Something in Gabriel's eyes go flat at mention of the Vanguard, in any incarnation. It's as much uncertainty as it is accusation — the Vanguard broke into all kinds of interesting shapes when it shattered, but never resembling the original thing. Still, as she looks across at him with blue eyes catching meagre light, unease coils itself within his ribcage.

"Where are they going?" he asks.

“I don’t know,” Eileen answers. “I didn’t want to. If I did, you could have pulled it out of my head.”

Her defense rings a little hollow, if only because he didn’t need to. She’s told him everything and it took far less than that.

Eileen must hear it, too, because resolve creeps back into her voice and grows steely there when she adds: “You should hurry. Just because I’ve given you this doesn’t mean I’m going to stop. It’s a chance. That’s all.”

Gabriel is still, thoughtful, watching her watching him.
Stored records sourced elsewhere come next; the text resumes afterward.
(* Let $q>1$ and let $\rho$ be a positive $2\pi$-periodic $C^2$ function with $(\ln\rho)''(t)<\sqrt{q}/(1+\sqrt{q})$ for all $t$; let $y(\theta)=\rho(\theta)(\cos\theta,\sin\theta)^T$, and let $\phi$ be a continuous function on $\mathbb{S}^1$. With the notation in the context, suppose there is a sequence of positive numbers $k_n\to\infty$ such that for every $\eta\in\mathbb{S}^1$ and every integer $N\ge0$, $$\sum_{j,l=1}^2\big(f_\eta^{j,l}\big)^N\frac{\phi(\mathcal{T}_{j,l}\eta+\delta_{l,2}\pi)\,\Psi_\eta^{j,l}}{|\det D^2\psi_\eta^{j,l}|^{1/2}}\,e^{\mathrm{i}\pi\frac{(-1)^l(1-(-1)^j)}{4}+\mathrm{i}k_n\psi_\eta^{j,l}}\longrightarrow0\quad(n\to\infty).$$ Then for every $\eta\in\mathbb{S}^1$, the set $\Lambda=\Lambda_\eta=\{(j,l)\in\{1,2\}^2:\phi(\mathcal{T}_{j,l}\eta+\delta_{l,2}\pi)\neq0\}$ satisfies $\#\Lambda\in\{0,2,3,4\}$, and moreover: if $\#\Lambda\in\{2,3\}$, then $f_\eta^{j,l}$ takes the same value for all $(j,l)\in\Lambda$; if $\#\Lambda=4$, then either $f_\eta^{j,l}$ takes the same value for all $(j,l)\in\Lambda$, or $\Lambda=\Lambda_1\cup\Lambda_2$ with $\#\Lambda_1=\#\Lambda_2=2$, $f_\eta^{j,l}$ constant on each $\Lambda_p$, and for each $p=1,2$ and every integer $N\ge0$ the sum above restricted to $(j,l)\in\Lambda_p$ tends to $0$ as $n\to\infty$.
   Context: Identify $\mathbb{S}^1$ with $\mathbb{R}/(2\pi\mathbb{Z})$ via $\theta\mapsto(\cos\theta,\sin\theta)^T$; $\theta_\eta$ is the angle of $\eta$, and $x^\perp=(-x_2,x_1)^T$. For $\eta\in\mathbb{S}^1$ and $\xi=(\cos\theta_\xi,\sin\theta_\xi)$: $\psi_\eta(\theta,\theta_\xi)=(\sqrt{q}\eta+\xi)\cdot y(\theta)$, $\Psi_\eta(\theta,\theta_\xi)=-(\sqrt{q}\eta-\xi)\cdot y'(\theta)^\perp$, and $D^2\psi_\eta(\theta,\theta_\xi)=\begin{bmatrix}(\sqrt{q}\eta+\xi)\cdot y''(\theta)&\xi^\perp\cdot y'(\theta)\\ \xi^\perp\cdot y'(\theta)&-\xi\cdot y(\theta)\end{bmatrix}$. For $l\in\{1,2\}$ let $\eta_l=(-1)^{l-1}\eta$, $\theta_q=\arccos(1/\sqrt q)$, $h(\theta)=\frac{\sqrt q\sin\theta}{\sqrt q\cos\theta+1}$; the equation $(\ln\rho)'(\theta)=h(\theta-\theta_{\eta_l})$ has exactly two solutions in $\mathbb{R}/(2\pi\mathbb{Z})$: $\mathcal{T}_{1,l}\eta$ with $\theta-\theta_{\eta_l}\in(\theta_q-\pi,\pi-\theta_q)$ and $\mathcal{T}_{2,l}\eta$ with $\theta-\theta_{\eta_l}\in(\pi-\theta_q,\pi+\theta_q)$ (mod $2\pi$). Set $\{\Psi_\eta^{j,l},\psi_\eta^{j,l},D^2\psi_\eta^{j,l}\}=\{\Psi_\eta,\psi_\eta,D^2\psi_\eta\}(\mathcal{T}_{j,l}\eta,\mathcal{T}_{j,l}\eta+\delta_{l,2}\pi)$ (these determinants are nonzero) and $f_\eta^{j,l}=\rho(\mathcal{T}_{j,l}\eta)\sin(\mathcal{T}_{j,l}\eta-\theta_\eta)$; $\delta_{l,2}$ is the Kronecker delta and $\phi$ is viewed as a function of the angle. *)

From Stdlib Require Import Reals Lra List ClassicalEpsilon.
From Coquelicot Require Import Coquelicot.
Import ListNotations.
Open Scope R_scope.

Definition all_idx : list (nat * nat) := [(1,1); (1,2); (2,1); (2,2)]%nat.

Definition kdelta2 (l : nat) : R := if Nat.eqb l 2 then 1 else 0.

Definition theta_q (q : R) : R := acos (1 / sqrt q).

Definition hfun (q t : R) : R := sqrt q * sin t / (sqrt q * cos t + 1).

(* angle of eta_l = (-1)^(l-1) eta, where a is the angle of eta *)
Definition theta_eta_l (a : R) (l : nat) : R := a + (INR l - 1) * PI.

Definition in_mod2pi (x lo hi : R) : Prop :=
  exists k : Z, lo < x + 2 * PI * IZR k < hi.

Definition Tspec (q : R) (rho : R -> R) (j l : nat) (a th : R) : Prop :=
  0 <= th < 2 * PI /\
  Derive (fun t => ln (rho t)) th = hfun q (th - theta_eta_l a l) /\
  (if Nat.eqb j 1
   then in_mod2pi (th - theta_eta_l a l) (theta_q q - PI) (PI - theta_q q)
   else in_mod2pi (th - theta_eta_l a l) (PI - theta_q q) (PI + theta_q q)).

Definition Tjl (q : R) (rho : R -> R) (j l : nat) (a : R) : R :=
  epsilon (inhabits 0) (Tspec q rho j l a).

Definition y1 (rho : R -> R) (t : R) : R := rho t * cos t.
Definition y2 (rho : R -> R) (t : R) : R := rho t * sin t.

Definition psi_eta (q : R) (rho : R -> R) (a th thx : R) : R :=
  (sqrt q * cos a + cos thx) * y1 rho th + (sqrt q * sin a + sin thx) * y2 rho th.

(* Psi_eta(theta, theta_xi) = - (sqrt q eta - xi) . y'(theta)^perp,
   with x^perp = (-x2, x1) *)
Definition Psi_eta (q : R) (rho : R -> R) (a th thx : R) : R :=
  - ((sqrt q * cos a - cos thx) * (- Derive (y2 rho) th)
     + (sqrt q * sin a - sin thx) * Derive (y1 rho) th).

Definition detD2psi (q : R) (rho : R -> R) (a th thx : R) : R :=
  let A := (sqrt q * cos a + cos thx) * Derive (Derive (y1 rho)) th
         + (sqrt q * sin a + sin thx) * Derive (Derive (y2 rho)) th in
  let B := (- sin thx) * Derive (y1 rho) th + cos thx * Derive (y2 rho) th in
  let Cc := - (cos thx * y1 rho th + sin thx * y2 rho th) in
  A * Cc - B * B.

Definition thT q rho j l a : R := Tjl q rho j l a.
Definition thX q rho j l a : R := Tjl q rho j l a + kdelta2 l * PI.

Definition f_eta (q : R) (rho : R -> R) (a : R) (p : nat * nat) : R :=
  let '(j, l) := p in rho (thT q rho j l a) * sin (thT q rho j l a - a).

Definition phi_at (q : R) (rho : R -> R) (phi : R -> C) (a : R) (p : nat * nat) : C :=
  let '(j, l) := p in phi (thX q rho j l a).

Definition cexpi (t : R) : C := (cos t, sin t).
What little imaginings he'd had in the past had occasionally manifested into sight, sound, touch. He's long since had the ability to fool himself with ghosts of the past and at night it was all too easy to imagine her palms on the sides of his face as he slipped into uneasy sleep, or her shadow falling across the kitchen tiles, or a cardigan left on the end of their bed. His bed.

But it always came from somewhere, from himself, filling the psychic channels he'd opened once before when she was alive that allowed her feelings and the shades of her thoughts to find him. Here, and now, with the flutter of sparrows in the rafters and predator birds even higher in the sky, and reaching out—


He fills his lungs, and slides to his feet. "You should take your own advice," he says, roughly, as if tossing her something like what she's granted him. "About grieving."

He is left to wonder whether or not she’s trying to do the same. If she’s reaching out, searching the incorporeal distance between them for even the slightest echo of the man she loved.


It doesn’t show on her face. She’s already retreated behind her eyes: Kazimir’s chilly blues.

“One thing she and I have in common,” she tells him. “We’re both hypocrites.”

What Gabriel does feel is the dark energy in her veins and the familiar sensation the conduit produces in the air when its host prepares to wield it. The fine, dark hairs on the back of his arms and neck stand on end. It’s suddenly very cold.


It's a familiar feeling, even after all these years, and as much as he'd like to sneer at what amounts to posturing, it has its intended effect — like his heart pumped a dose of ice water out into his arteries, and spreading. Teeth flash between lips pulled back in reflex, matching her regard for a moment before she


and he's gone. His boot prints on the packed earth floor of dust and rat shit, turning away, disappearing, just like him. Life no longer present, save for the birds taking shelter from the evening in the rafters, who have begun to flutter with unknown distress.